Neuronal Population Measures Can Reveal Representations of Sensory or Cognitive Factors for Which Individual Neuronal Responses Are Heterogeneous
Many studies have found that the responses of single neurons in early visual cortex are context dependent (Friedman et al. 2003; Kinoshita and Komatsu 2001; MacEvoy et al. 1998; MacEvoy and Paradiso 2001; Roe et al. 2005; Rossi and Paradiso 1996, 1999; Rossi et al. 1996), but linking neuronal activity to lightness perception has proven difficult. Our approach differs from previous investigations in that we recorded from populations of neurons using a stimulus that was not optimized for the specific neurons under study. This experimental situation is more analogous to natural vision, where different aspects of a complex stimulus fall on the receptive fields of different neurons. With the use of these stimuli, our results demonstrate that neuronal responses to luminance and context are extremely heterogeneous (Fig. 4; see also Bushnell et al. 2011; Sani et al. 2013), even as early as the primary visual cortex. Furthermore, in response to these stimuli, many individual units were not very sensitive to luminance (e.g., many luminance indexes were close to 0; Fig. 4). Nonetheless, the best luminance decoders drew nontrivially on the responses of many units. These results suggest that lightness, and likely many other perceptual phenomena, may arise from the readout of activity across large neuronal populations. Understanding the nature of these population representations in sensory cortices and how they are readout by downstream areas will require recording from, and analyzing the responses of, neuronal populations as a whole in response to multiple dimensions of stimulus variation, likely coupled with behavioral measures (see also Shapley and Hawken 2011).

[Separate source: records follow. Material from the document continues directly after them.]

Lemma submodule_one : (exists F, W F /\ F != 0) -> W 1.
Proof.
move=> [F [WF F_neq0]].
pose r : seq {ffun 'I_4 -> C} := [:: jshift 0 1 0; jshift 0 1 1; jshift 2 3 0; jshift 2 3 1].
have WN : {in r, forall c G, W G -> W (mshift c G - G)}.
  move=> c c_r G WG; apply: (subspaceB WD WZ _ WG).
  have [[? ?] [? ?]] := (submodule_jshift 0 WG, submodule_jshift 1 WG).
  by move: c_r; rewrite !inE => /or4P[]/eqP->.
have N0 c : mshift c 0 - 0 = 0 :> {mpoly C[4]} by rewrite subr0 /mshift comp_mpoly0.
have [G [WG G_neq0 G_fixed]] := @common_kernel _ W _ (fun c G => mshift c G - G)
  N0 (@mshift_sub_comm _ _) (@mshift_sub_nilpotent _ _) r F WN WF F_neq0.
have fixed c : c \in r -> mshift c G = G by move=> /G_fixed /subr0_eq.
have fixed_pair s t j : s != t -> jshift s t 0 \in r -> jshift s t 1 \in r ->
    j \in [:: s; t] -> mshift [ffun i => (i == j)%:R] G = G.
  move=> st /fixed fix0 /fixed fix1; have [e_s e_t] := @jshift_unit R _ _ st.
  rewrite !inE => /orP[]/eqP->; first by rewrite e_s.
  by rewrite e_t; exact: mshift_fixedD fix0 (mshift_fixedN fix1).
have G_unit j : mshift [ffun i => (i == j)%:R] G = G.
  by case: (ord4P j) => ->; [apply: (fixed_pair 0 1) | apply: (fixed_pair 0 1)
    | apply: (fixed_pair 2 3) | apply: (fixed_pair 2 3)]; rewrite ?inE ?eqxx ?orbT.
have G_const := mshift_fixed_const G_unit; set c := G.@[_] in G_const.
have c_neq0 : c != 0 by apply: contraNneq G_neq0 => c0; rewrite G_const c0 mpolyC0.
suff -> : 1 = c^-1 *: G by apply: WZ.
by rewrite G_const -mul_mpolyC -mpolyCM mulVf ?mpolyC1.
Qed.

Lemma submodule_full : (exists F, W F /\ F != 0) -> forall F, W F.
Proof.
move=> /submodule_one W1 F; rewrite -[F]mulr1.
exact: mpoly_ideal W0 WD WZ submodule_mulX _ _ W1.
Qed.

End TensorSubmodule.

Lemma tensor_Omega_irreducible (R : realType) (lam1 lam2 sig1 sig2 eta1 eta2 : R[i]) :
  lam1 != 0 -> lam2 != 0 -> sig1 != 0 -> sig2 != 0 -> lam1 != lam2 ->
  irreducible_module (tensor_Omega_act lam1 eta1 sig1 lam2 eta2 sig2).
Proof.
move=> lam1_neq0 lam2_neq0 sig1_neq0 sig2_neq0 lam12.
split; first by exists 1; rewrite oner_neq0.
exact: submodule_full.
Qed.

Section DiagonalSubmodule.
Variable R : realType.
Local Notation C := (R[i]).
Implicit Types (F : {mpoly C[4]}) (v w : 'I_4 -> C).

Definition diag_sums v : C * C := (v 0 + v 2, v 1 + v 3).

Definition sum_invariant F := forall v w, diag_sums v = diag_sums w -> F.@[v] = F.@[w].

Lemma meval_shift_subst s t a b F v :
  (shift_subst s t a b F).@[v] =
  F.@[fun i => v i + (if i == t then b else if i == s then a else 0)].
Proof. by rewrite shift_substE meval_mshift; apply: meval_eq => i; rewrite ffunE. Qed.

Lemma diag_sums_shift s t a b v : (s, t) = (0, 1) \/ (s, t) = (2, 3) ->
  diag_sums (fun i => v i + (if i == t then b else if i == s then a else 0)) =
  (v 0 + v 2 + a, v 1 + v 3 + b).
Proof.
by case=> [[-> ->]|[-> ->]]; rewrite /diag_sums /= ?addr0 ?addrA // addrAC [_ + b + _]addrAC.
Qed.

Lemma sum_invariantD F G : sum_invariant F -> sum_invariant G -> sum_invariant (F + G).
Proof. by move=> invF invG v w vw; rewrite !mevalD (invF v w) ?(invG v w). Qed.

Lemma sum_invariantM F G : sum_invariant F -> sum_invariant G -> sum_invariant (F * G).
Proof. by move=> invF invG v w vw; rewrite !mevalM (invF v w) ?(invG v w). Qed.

Lemma sum_invariantZ c F : sum_invariant F -> sum_invariant (c *: F).
Proof. by move=> invF v w vw; rewrite !mevalZ (invF v w). Qed.
(* Consider the decentralized Thompson Sampling algorithm for Bernoulli rewards described in the context, with learning rate $\eta>0$ and prior $\mathrm{Beta}(1,1)$. Then for every round $t\ge1$, agent $i\in[N]$ and arm $k\in[K]$, the distribution $Q^{(i)}_{k,t}$ (with density $q^{(i)}_{k,t}$) from which $\theta^{(i)}_k(t)$ is sampled is $\mathrm{Beta}(\alpha^{(i)}_k(t),\beta^{(i)}_k(t))$, where \[ \alpha^{(i)}_k(t)=\eta\sum_{\tau=1}^{t-1}\sum_{j=1}^N W^{t-\tau}_{ij}Y^{(j)}_{\tau}\mathbf 1\{A^{(j)}_\tau=k\}+1,\qquad \beta^{(i)}_k(t)=\eta\sum_{\tau=1}^{t-1}\sum_{j=1}^N W^{t-\tau}_{ij}(1-Y^{(j)}_{\tau})\mathbf 1\{A^{(j)}_\tau=k\}+1, \] and $W^{s}_{ij}$ denotes the $(i,j)$ entry of the matrix power $W^s$.
   Context: $N$ agents on a connected undirected graph; $W\in\mathbb R^{N\times N}$ doubly stochastic with nonnegative entries, $W_{ij}>0$ for $i\ne j$ iff $\{i,j\}$ is an edge. $K$ arms with Bernoulli rewards (arm $k$ has mean $\mu_k$), independent across agents, rounds, arms. Let $p_\theta(y)=\theta^y(1-\theta)^{1-y}$ on $[0,1]$. Decentralized Thompson Sampling (learning rate $\eta$, prior density $q_0$ on $[0,1]$): agent $i$ maintains densities $q^{(i)}_{k,t}$ with $q^{(i)}_{k,1}=q_0$. In round $t$, agent $i$ draws $\theta^{(i)}_k(t)\sim q^{(i)}_{k,t}$ independently over $k$, plays $A^{(i)}_t\in\arg\max_k\theta^{(i)}_k(t)$, observes reward $Y^{(i)}_t$, forms $\tilde q^{(i)}_{k,t+1}(\theta)\propto q^{(i)}_{k,t}(\theta)p_\theta(Y^{(i)}_t)^\eta$ (normalized on $[0,1]$) for $k=A^{(i)}_t$ and $\tilde q^{(i)}_{k,t+1}=q^{(i)}_{k,t}$ otherwise, and after communication sets $q^{(i)}_{k,t+1}(\theta)=\frac{\exp(\sum_{j}W_{ij}\log\tilde q^{(j)}_{k,t+1}(\theta))}{\int_0^1\exp(\sum_jW_{ij}\log\tilde q^{(j)}_{k,t+1}(\phi))d\phi}$. *)

From HB Require Import structures.
From mathcomp Require Import all_boot all_order all_algebra.
From mathcomp Require Import all_classical all_reals all_analysis.
Set Implicit Arguments. Unset Strict Implicit. Unset Printing Implicit Defensive.
Import Order.TTheory GRing.Theory Num.Theory.
Local Open Scope classical_set_scope.
Local Open Scope ring_scope.

Section DTS.
Variable R : realType.

Definition int01 (f : R -> R) : R := Rintegral lebesgue_measure `[0%R, 1%R] f.
(* Let $q$ be even and let $H$ be a $BH(n,q)$ matrix, $H_{i,j}=e^{2\pi i L_{i,j}/q}$ with $L$ an integer matrix, whose $\mathbb{Z}_q$-rank is $r$. Suppose there exist integer matrices $Q$ of size $n\times r$ and $S$ of size $r\times n$ with $QS\equiv L\pmod q$ such that every entry of the first row of $S$ is even. Then there exists a $BH(2n,q)$ matrix whose $\mathbb{Z}_q$-rank is $r$.
   Context: A $BH(n,q)$ matrix is an $n\times n$ complex matrix whose entries are $q$-th roots of unity and which satisfies $HH^\ast=nI_n$. The $\mathbb{Z}_q$-rank of an $n\times n$ integer matrix $L$ is the smallest positive integer $r$ such that there exist integer matrices $S$ ($n\times r$) and $T$ ($r\times n$) with $ST\equiv L\pmod q$ entrywise; the $\mathbb{Z}_q$-rank of a $BH(n,q)$ matrix $H$ is that of the integer matrix $L$ with entries in $\{0,\dots,q-1\}$ and $H_{i,j}=e^{2\pi i L_{i,j}/q}$. *)

(* complex numbers are algC (algebraic complex numbers),
   which contain all roots of unity. *)
From HB Require Import structures.
From mathcomp Require Import all_boot all_order all_algebra all_field.
Set Implicit Arguments. Unset Strict Implicit. Unset Printing Implicit Defensive.
Import Order.TTheory GRing.Theory Num.Theory.
Local Open Scope ring_scope.

(* e^{2 pi i / q}: q.-root (-1) is e^{i pi / q} (minimal argument root). *)
Definition zeta (q : nat) : algC := (q.-root (-1)) ^+ 2.

Definition BH (n q : nat) (H : 'M[algC]_n) : Prop :=
  (forall i j, H i j ^+ q = 1) /\
  H *m (map_mx (@Num.conj algC) H)^T = (n%:R)%:M.

Definition Zq_factors (n q r : nat) (L : 'M[int]_n) : Prop :=
  exists (S : 'M[int]_(n, r)) (T : 'M[int]_(r, n)),
    forall i j, ((S *m T) i j = L i j %[mod q%:Z])%Z.

Definition Zq_rank_is (n q r : nat) (L : 'M[int]_n) : Prop :=
  (0 < r)%N /\ Zq_factors q r L /\
  (forall r' : nat, (0 < r')%N -> Zq_factors q r' L -> (r <= r')%N).

Definition BH_Zq_rank_is (n q r : nat) (H : 'M[algC]_n) : Prop :=
  exists L : 'M[int]_n,
    (forall i j, (0 <= L i j) /\ (L i j < q%:Z)) /\
    (forall i j, H i j = zeta q ^ (L i j)) /\
    Zq_rank_is q r L.

From HB Require Import structures.
From mathcomp Require Import all_boot all_order all_algebra all_field.
From mathcomp Require Import ring.
Set Implicit Arguments. Unset Strict Implicit. Unset Printing Implicit Defensive.
Import Order.TTheory GRing.Theory Num.Theory.
Local Open Scope ring_scope.

(* For a BH(n,q) matrix H (q even), a column c of integers and
   d = (zeta^(c i))_i, the block matrix
        H' = [ H   D H ]      D = diag d,
             [ H  -D H ]
   is a BH(2n,q) matrix: its Gram matrix is block-diagonal with blocks
   H H^* + (D H)(D H)^* = 2n I, and -1 is a q-th root of unity since q is
   even.  If H = zeta^L, then H' = zeta^L' with
        L' = [ L   L + c     ]      (h = q/2, so zeta^h = -1).
             [ L   L + c + h ]
   Choosing c as the column i0 of Q, where Q S = L (mod q) and the row i0
   of S is even, L' factors through r over Z_q as
   [Q; Q + h E^T] [S, S + E] with E the indicator matrix of row i0, while
   any factorization of L' restricts to one of its upper-left block L; so
   L' has the same Z_q-rank r as L. *)

Lemma zeta_expq (q : nat) : (0 < q)%N -> zeta q ^+ q = 1.
Proof. by move=> q0; rewrite /zeta -exprM mulnC exprM rootCK // sqrrN expr1n. Qed.

(* zeta q is a square root of the primitive root q.-root (-1), so its
   (q/2)-th power is -1. *)
Lemma zeta_exp_half (q h : nat) : (0 < q)%N -> q = (h + h)%N -> zeta q ^+ h = -1.
Proof. by move=> q0 qh; rewrite /zeta -exprM mul2n -addnn -qh rootCK. Qed.

Lemma zeta_neq0 (q : nat) : (0 < q)%N -> zeta q != 0.
Proof.
move=> q0; apply/eqP => z0; have := zeta_expq q0.
by rewrite z0 expr0n gtn_eqF //= => /eqP; rewrite eq_sym oner_eq0.
Qed.

Lemma zetaz_expq (q : nat) (k : int) : (0 < q)%N -> (zeta q ^ k) ^+ q = 1.
Proof.
move=> q0; rewrite exprnP exprz_exp mulrC -exprz_exp -exprnP zeta_expq //.
by rewrite exp1rz.
Qed.

Lemma zetaz_modz (q : nat) (k : int) : (0 < q)%N -> zeta q ^ (k %% q)%Z = zeta q ^ k.
Proof.
move=> q0; rewrite [in RHS](divz_eq k q) [in RHS]exprzDr ?unitfE ?zeta_neq0 //.
by rewrite -exprz_exp -[_ ^ q]exprnP zetaz_expq // mul1r.
Qed.

Lemma root_of_unity_conj (q : nat) (x : algC) : (0 < q)%N -> x ^+ q = 1 -> x * x^* = 1.
Proof.
move=> q0 hx; rewrite -normCK.
have : `|x| ^+ q == 1 by rewrite -normrX hx normr1.
by rewrite pexpr_eq1 // => /eqP ->; rewrite expr1n.
Qed.

Definition doubling (n : nat) (H : 'M[algC]_n) (d : 'rV[algC]_n) : 'M[algC]_(n + n) :=
  block_mx H (diag_mx d *m H) H (- (diag_mx d *m H)).

Lemma diag_unimodular_gram (n : nat) (H : 'M[algC]_n) (d : 'rV[algC]_n) (a : algC) :
  H *m (map_mx Num.conj H)^T = a%:M -> (forall i, d 0 i * (d 0 i)^* = 1) ->
  (diag_mx d *m H) *m (map_mx Num.conj (diag_mx d *m H))^T = a%:M.
Proof.
move=> HH dd; rewrite map_mxM trmx_mul mulmxA -(mulmxA _ H) HH mul_mx_scalar.
rewrite -scalemxAl map_diag_mx tr_diag_mx mulmx_diag -[RHS]scalemx1.
congr (_ *: _); apply/matrixP => i j; rewrite !mxE.
by case: eqP => // _; rewrite mulr1n dd.
Qed.

Lemma doubling_gram (n : nat) (H : 'M[algC]_n) (d : 'rV[algC]_n) (a : algC) :
  H *m (map_mx Num.conj H)^T = a%:M -> (forall i, d 0 i * (d 0 i)^* = 1) ->
  doubling H d *m (map_mx Num.conj (doubling H d))^T = (a + a)%:M.
Proof.
move=> HH dd; have KK := diag_unimodular_gram HH dd.
rewrite /doubling map_block_mx tr_block_mx mulmx_block map_mxN linearN /=.
rewrite !mulmxN !mulNmx opprK HH KK subrr (scalar_mx_block n n).
by rewrite raddfD.
Qed.

Lemma doubling_roots (n q : nat) (H : 'M[algC]_n) (d : 'rV[algC]_n) :
  ~~ odd q -> (forall i j, H i j ^+ q = 1) -> (forall i, d 0 i ^+ q = 1) ->
  forall i j, doubling H d i j ^+ q = 1.
Proof.
move=> qe Hq dq i j; rewrite /doubling -(splitK i) -(splitK j).
have DHq a b : (diag_mx d *m H) a b ^+ q = 1.
  by rewrite mul_diag_mx mxE exprMn dq Hq mulr1.
case: (split i) => a; case: (split j) => b.
- by rewrite block_mxEul.
- by rewrite block_mxEur.
- by rewrite block_mxEdl.
- by rewrite block_mxEdr mxE -mulN1r exprMn -signr_odd (negbTE qe) mul1r.
Qed.

Lemma doubling_BH (n q : nat) (H : 'M[algC]_n) (d : 'rV[algC]_n) :
  (0 < q)%N -> ~~ odd q -> BH q H -> (forall i, d 0 i ^+ q = 1) ->
  BH q (doubling H d).
Proof.
move=> q0 qe [Hq HH] dq; split; first exact: doubling_roots.
rewrite natrD; apply: doubling_gram HH _ => i.
exact: root_of_unity_conj q0 (dq i).
Qed.

Definition doubling_exponents (n : nat) (L : 'M[int]_n) (c : 'I_n -> int) (h : int)
  : 'M[int]_(n + n) :=
  block_mx L (\matrix_(i, j) (L i j + c i)) L (\matrix_(i, j) (L i j + c i + h)).

Lemma doubling_zeta_exponents (n q h : nat) (H : 'M[algC]_n) (L : 'M[int]_n)
    (c : 'I_n -> int) :
  (0 < q)%N -> q = (h + h)%N -> (forall i j, H i j = zeta q ^ L i j) ->
  forall i j, doubling H (\row_k zeta q ^ c k) i j
              = zeta q ^ doubling_exponents L c h%:Z i j.
Proof.
move=> q0 qh HL i j; rewrite /doubling /doubling_exponents -(splitK i) -(splitK j).
have zU : zeta q \is a GRing.unit by rewrite unitfE zeta_neq0.
have DH a b : (diag_mx (\row_k zeta q ^ c k) *m H) a b = zeta q ^ (L a b + c a).
  by rewrite mul_diag_mx !mxE HL exprzDr // mulrC.
case: (split i) => a; case: (split j) => b.
- by rewrite !block_mxEul.
- by rewrite !block_mxEur DH mxE.
- by rewrite !block_mxEdl.
- rewrite !block_mxEdr mxE DH mxE [in RHS]exprzDr // -[zeta q ^ h%:Z]exprnP.
  by rewrite (zeta_exp_half q0 qh) mulrN1.
Qed.

Lemma Zq_factors_congr (n q r : nat) (L L' : 'M[int]_n) :
  (forall i j, (L i j = L' i j %[mod q%:Z])%Z) ->
  Zq_factors q r L -> Zq_factors q r L'.
Proof. by move=> LL' [S [T ST]]; exists S, T => i j; rewrite ST LL'. Qed.

Lemma Zq_factors_ulblock (n q r : nat) (A B C D : 'M[int]_n) :
  Zq_factors q r (block_mx A B C D) -> Zq_factors q r A.
Proof.
move=> [S [T ST]]; exists (usubmx S), (lsubmx T) => i j.
rewrite mul_usub_mx mulmx_lsub !mxE.
by have := ST (lshift n i) (lshift n j); rewrite block_mxEul mxE.
Qed.

Lemma Zq_rank_block (n q r : nat) (L B C D : 'M[int]_n) :
  Zq_rank_is q r L -> Zq_factors q r (block_mx L B C D) ->
  Zq_rank_is q r (block_mx L B C D).
Proof.
move=> [r0 [_ rmin]] fact; split=> //; split=> [//|r' r'0 /Zq_factors_ulblock].
exact: rmin.
Qed.

(* A matrix zeta^M with M of Z_q-rank r has Z_q-rank r as a BH matrix:
   reducing M modulo q gives the normalized exponent matrix. *)
Lemma BH_Zq_rank_of_exponents (n q r : nat) (H : 'M[algC]_n) (M : 'M[int]_n) :
  (0 < q)%N -> (forall i j, H i j = zeta q ^ M i j) -> Zq_rank_is q r M ->
  BH_Zq_rank_is q r H.
Proof.
move=> q0 HM [r0 [fact rmin]].
pose Mq := map_mx (fun x => (x %% q%:Z)%Z) M.
have MMq i j : (M i j = Mq i j %[mod q%:Z])%Z by rewrite mxE modz_mod.
exists Mq; split; [|split; [|split; [|split]]] => //.
- move=> i j; rewrite mxE modz_ge0 ?ltz_pmod ?ltz_nat //.
  by rewrite eqz_nat -lt0n.
- by move=> i j; rewrite mxE zetaz_modz // HM.
- exact: Zq_factors_congr fact.
- move=> r' r'0 fact'; apply: rmin r'0 _; apply: Zq_factors_congr fact' => i j.
  exact/esym/MMq.
Qed.

Lemma block_mx_eqmodz (m n q : nat) (A A' B B' C C' D D' : 'M[int]_(m, n)) :
  (forall i j, (A i j = A' i j %[mod q%:Z])%Z) ->
  (forall i j, (B i j = B' i j %[mod q%:Z])%Z) ->
  (forall i j, (C i j = C' i j %[mod q%:Z])%Z) ->
  (forall i j, (D i j = D' i j %[mod q%:Z])%Z) ->
  forall i j, (block_mx A B C D i j = block_mx A' B' C' D' i j %[mod q%:Z])%Z.
Proof.
move=> AA BB CC DD i j; rewrite -(splitK i) -(splitK j).
case: (split i) => a; case: (split j) => b.
- by rewrite !block_mxEul.
- by rewrite !block_mxEur.
- by rewrite !block_mxEdl.
- by rewrite !block_mxEdr.
Qed.

Definition row_indicator {R : pzRingType} (r n : nat) (i0 : 'I_r) : 'M[R]_(r, n) :=
  \matrix_(k, j) (k == i0)%:R.

Lemma mulmx_row_indicator (R : pzRingType) (m r n : nat) (A : 'M[R]_(m, r))
    (i0 : 'I_r) i j :
  (A *m row_indicator n i0) i j = A i i0.
Proof.
rewrite !mxE (bigD1 i0) //= big1 ?addr0; first by rewrite mxE eqxx mulr1.
by move=> k /negbTE nk; rewrite mxE nk mulr0.
Qed.

Lemma tr_row_indicator_mulmx (R : pzRingType) (m r n : nat) (B : 'M[R]_(r, n))
    (i0 : 'I_r) i j :
  ((row_indicator m i0)^T *m B) i j = B i0 j.
Proof.
rewrite !mxE (bigD1 i0) //= big1 ?addr0; first by rewrite !mxE eqxx mul1r.
by move=> k /negbTE nk; rewrite !mxE nk mul0r.
Qed.

Lemma half_mul_even_modz (q : nat) (h s : int) :
  q%:Z = h + h -> (2 %| s)%Z -> (h * s = 0 %[mod q%:Z])%Z.
Proof.
move=> qh /dvdzP [t ->]; have -> : h * (t * 2) = t * q%:Z by rewrite qh; ring.
by rewrite modzMl mod0z.
Qed.

(* If Q S = L (mod q) and the row i0 of S is even, the doubling exponents
   built from the column i0 of Q factor through r modulo q = 2h:
   [L, L + c; L, L + c + h] = [Q; Q + h E^T] [S, S + E], E = row_indicator i0. *)
Lemma doubling_exponents_factors (n q r : nat) (L : 'M[int]_n)
    (Q : 'M[int]_(n, r)) (S : 'M[int]_(r, n)) (i0 : 'I_r) (h : int) :
  q%:Z = h + h ->
  (forall i j, ((Q *m S) i j = L i j %[mod q%:Z])%Z) ->
  (forall j, (2 %| S i0 j)%Z) ->
  Zq_factors q r (doubling_exponents L (fun i => Q i i0) h).
Proof.
move=> qh QS Sev; pose C : 'M[int]_(n, r) := h *: (row_indicator n i0)^T.
have QCS i j : (((Q + C) *m S) i j = L i j %[mod q%:Z])%Z.
  rewrite mulmxDl [(Q *m S + _) i j]mxE -scalemxAl [(h *: (_ *m S)) i j]mxE.
  by rewrite tr_row_indicator_mulmx -modzDmr half_mul_even_modz // mod0z addr0 QS.
have QCi0 i : (Q + C) i i0 = Q i i0 + h by rewrite !mxE eqxx mulr1.
exists (col_mx Q (Q + C)), (row_mx S (S + row_indicator n i0)).
rewrite mul_col_row; apply: block_mx_eqmodz => // i j.
- rewrite mulmxDr [(Q *m S + _) i j]mxE mulmx_row_indicator [in RHS]mxE.
  by rewrite -[in LHS]modzDml QS modzDml.
- rewrite mulmxDr [((Q + C) *m S + _) i j]mxE mulmx_row_indicator QCi0.
  by rewrite [in RHS]mxE -addrA -[in LHS]modzDml QCS modzDml.
Qed.

Lemma castmx_BH (m1 m2 q : nat) (e : m1 = m2) (A : 'M[algC]_m1) :
  BH q A -> BH q (castmx (e, e) A).
Proof. by case: m2 / e; rewrite castmx_id. Qed.

Lemma castmx_BH_Zq_rank (m1 m2 q r : nat) (e : m1 = m2) (A : 'M[algC]_m1) :
  BH_Zq_rank_is q r A -> BH_Zq_rank_is q r (castmx (e, e) A).
Proof. by case: m2 / e; rewrite castmx_id. Qed.

Theorem corollary1 (n q r : nat) (H : 'M[algC]_n) (L : 'M[int]_n) :
  (0 < q)%N -> ~~ odd q ->
  BH q H ->
  (forall i j, H i j = zeta q ^ (L i j)) ->
  Zq_rank_is q r L ->
  (exists (Q : 'M[int]_(n, r)) (S : 'M[int]_(r, n)),
      (forall i j, ((Q *m S) i j = L i j %[mod q%:Z])%Z) /\
      (forall (i : 'I_r) (j : 'I_n), val i = 0%N -> (2 %| S i j)%Z)) ->
  exists H' : 'M[algC]_(2 * n), BH q H' /\ BH_Zq_rank_is q r H'.
Proof.
move=> q0 qe BHH HL rankL [Q [S [QS Sev]]].
pose i0 : 'I_r := Ordinal rankL.1.
pose h := q./2; have qh : q = (h + h)%N.
  by rewrite addnn -[LHS]odd_double_half (negbTE qe).
have e : (n + n = 2 * n)%N by rewrite mul2n addnn.
exists (castmx (e, e) (doubling H (\row_k zeta q ^ Q k i0))); split.
  apply/castmx_BH/doubling_BH => // k; rewrite mxE; exact: zetaz_expq.
apply/castmx_BH_Zq_rank/(BH_Zq_rank_of_exponents q0).
  exact: (doubling_zeta_exponents (fun k => Q k i0) q0 qh HL).
apply: (Zq_rank_block rankL); apply: doubling_exponents_factors QS _ => [|j].
  by rewrite qh PoszD.
exact: Sev.
Qed.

Together, our results suggest that information about luminance and context is encoded in large neuronal populations in V1 and V4 in a manner that could, but does not necessarily, account for the paint-shadow effect.
GRANTS
This work was supported by National Eye Institute (NEI) Grants 4R00-EY-020844-03 and R01-EY-022930 (to M. R. Cohen) and R01-E10016 (to D. H. Brainard), a training grant slot under National Institute of Neurological Disorders and Stroke Grant 5T32NS7391-14 (to D. A. Ruff), Whitehall Foundation Grant (to M. R. Cohen), a Klingenstein-Simons Fellowship (to M. R. Cohen), Simons Foundation Collaboration on the Global Brain Grants 709862 (to M. R. Cohen) and 324759 (to D. H. Brainard), a Sloan Research Fellowship (to M. R. Cohen), and a McKnight Scholar Award (to M. R. Cohen). This work was also supported by core grants from the NEI Grants P30-EY-008098 (to M. R. Cohen) and P30-EY-001583 (to D. H. Brainard).
DISCLOSURES
No conflicts of interest, financial or otherwise, are declared by the authors.
AUTHOR CONTRIBUTIONS
D.A.R., D.H.B., and M.R.C. conceived and designed research; D.A.R. and D.H.B. performed experiments; D.A.R., D.H.B., and M.R.C. analyzed data; D.A.R., D.H.B., and M.R.C. interpreted results of experiments; D.A.R., D.H.B., and M.R.C. prepared figures; D.A.R., D.H.B., and M.R.C. drafted manuscript; D.A.R., D.H.B., and M.R.C. edited and revised manuscript; D.A.R., D.H.B., and M.R.C. approved final version of manuscript.
ACKNOWLEDGMENTS
We thank Joshua Alberts for assistance with recordings, Karen McCracken for technical assistance, and Amy Ni for helpful comments on an earlier version of the manuscript.
Footnotes
The null value varies slightly from session to session, depending on how many stimuli of each disk luminance were presented in that session. The reported value of 0.24 is the mean over sessions where the decoded root mean squared error was better than 0.20.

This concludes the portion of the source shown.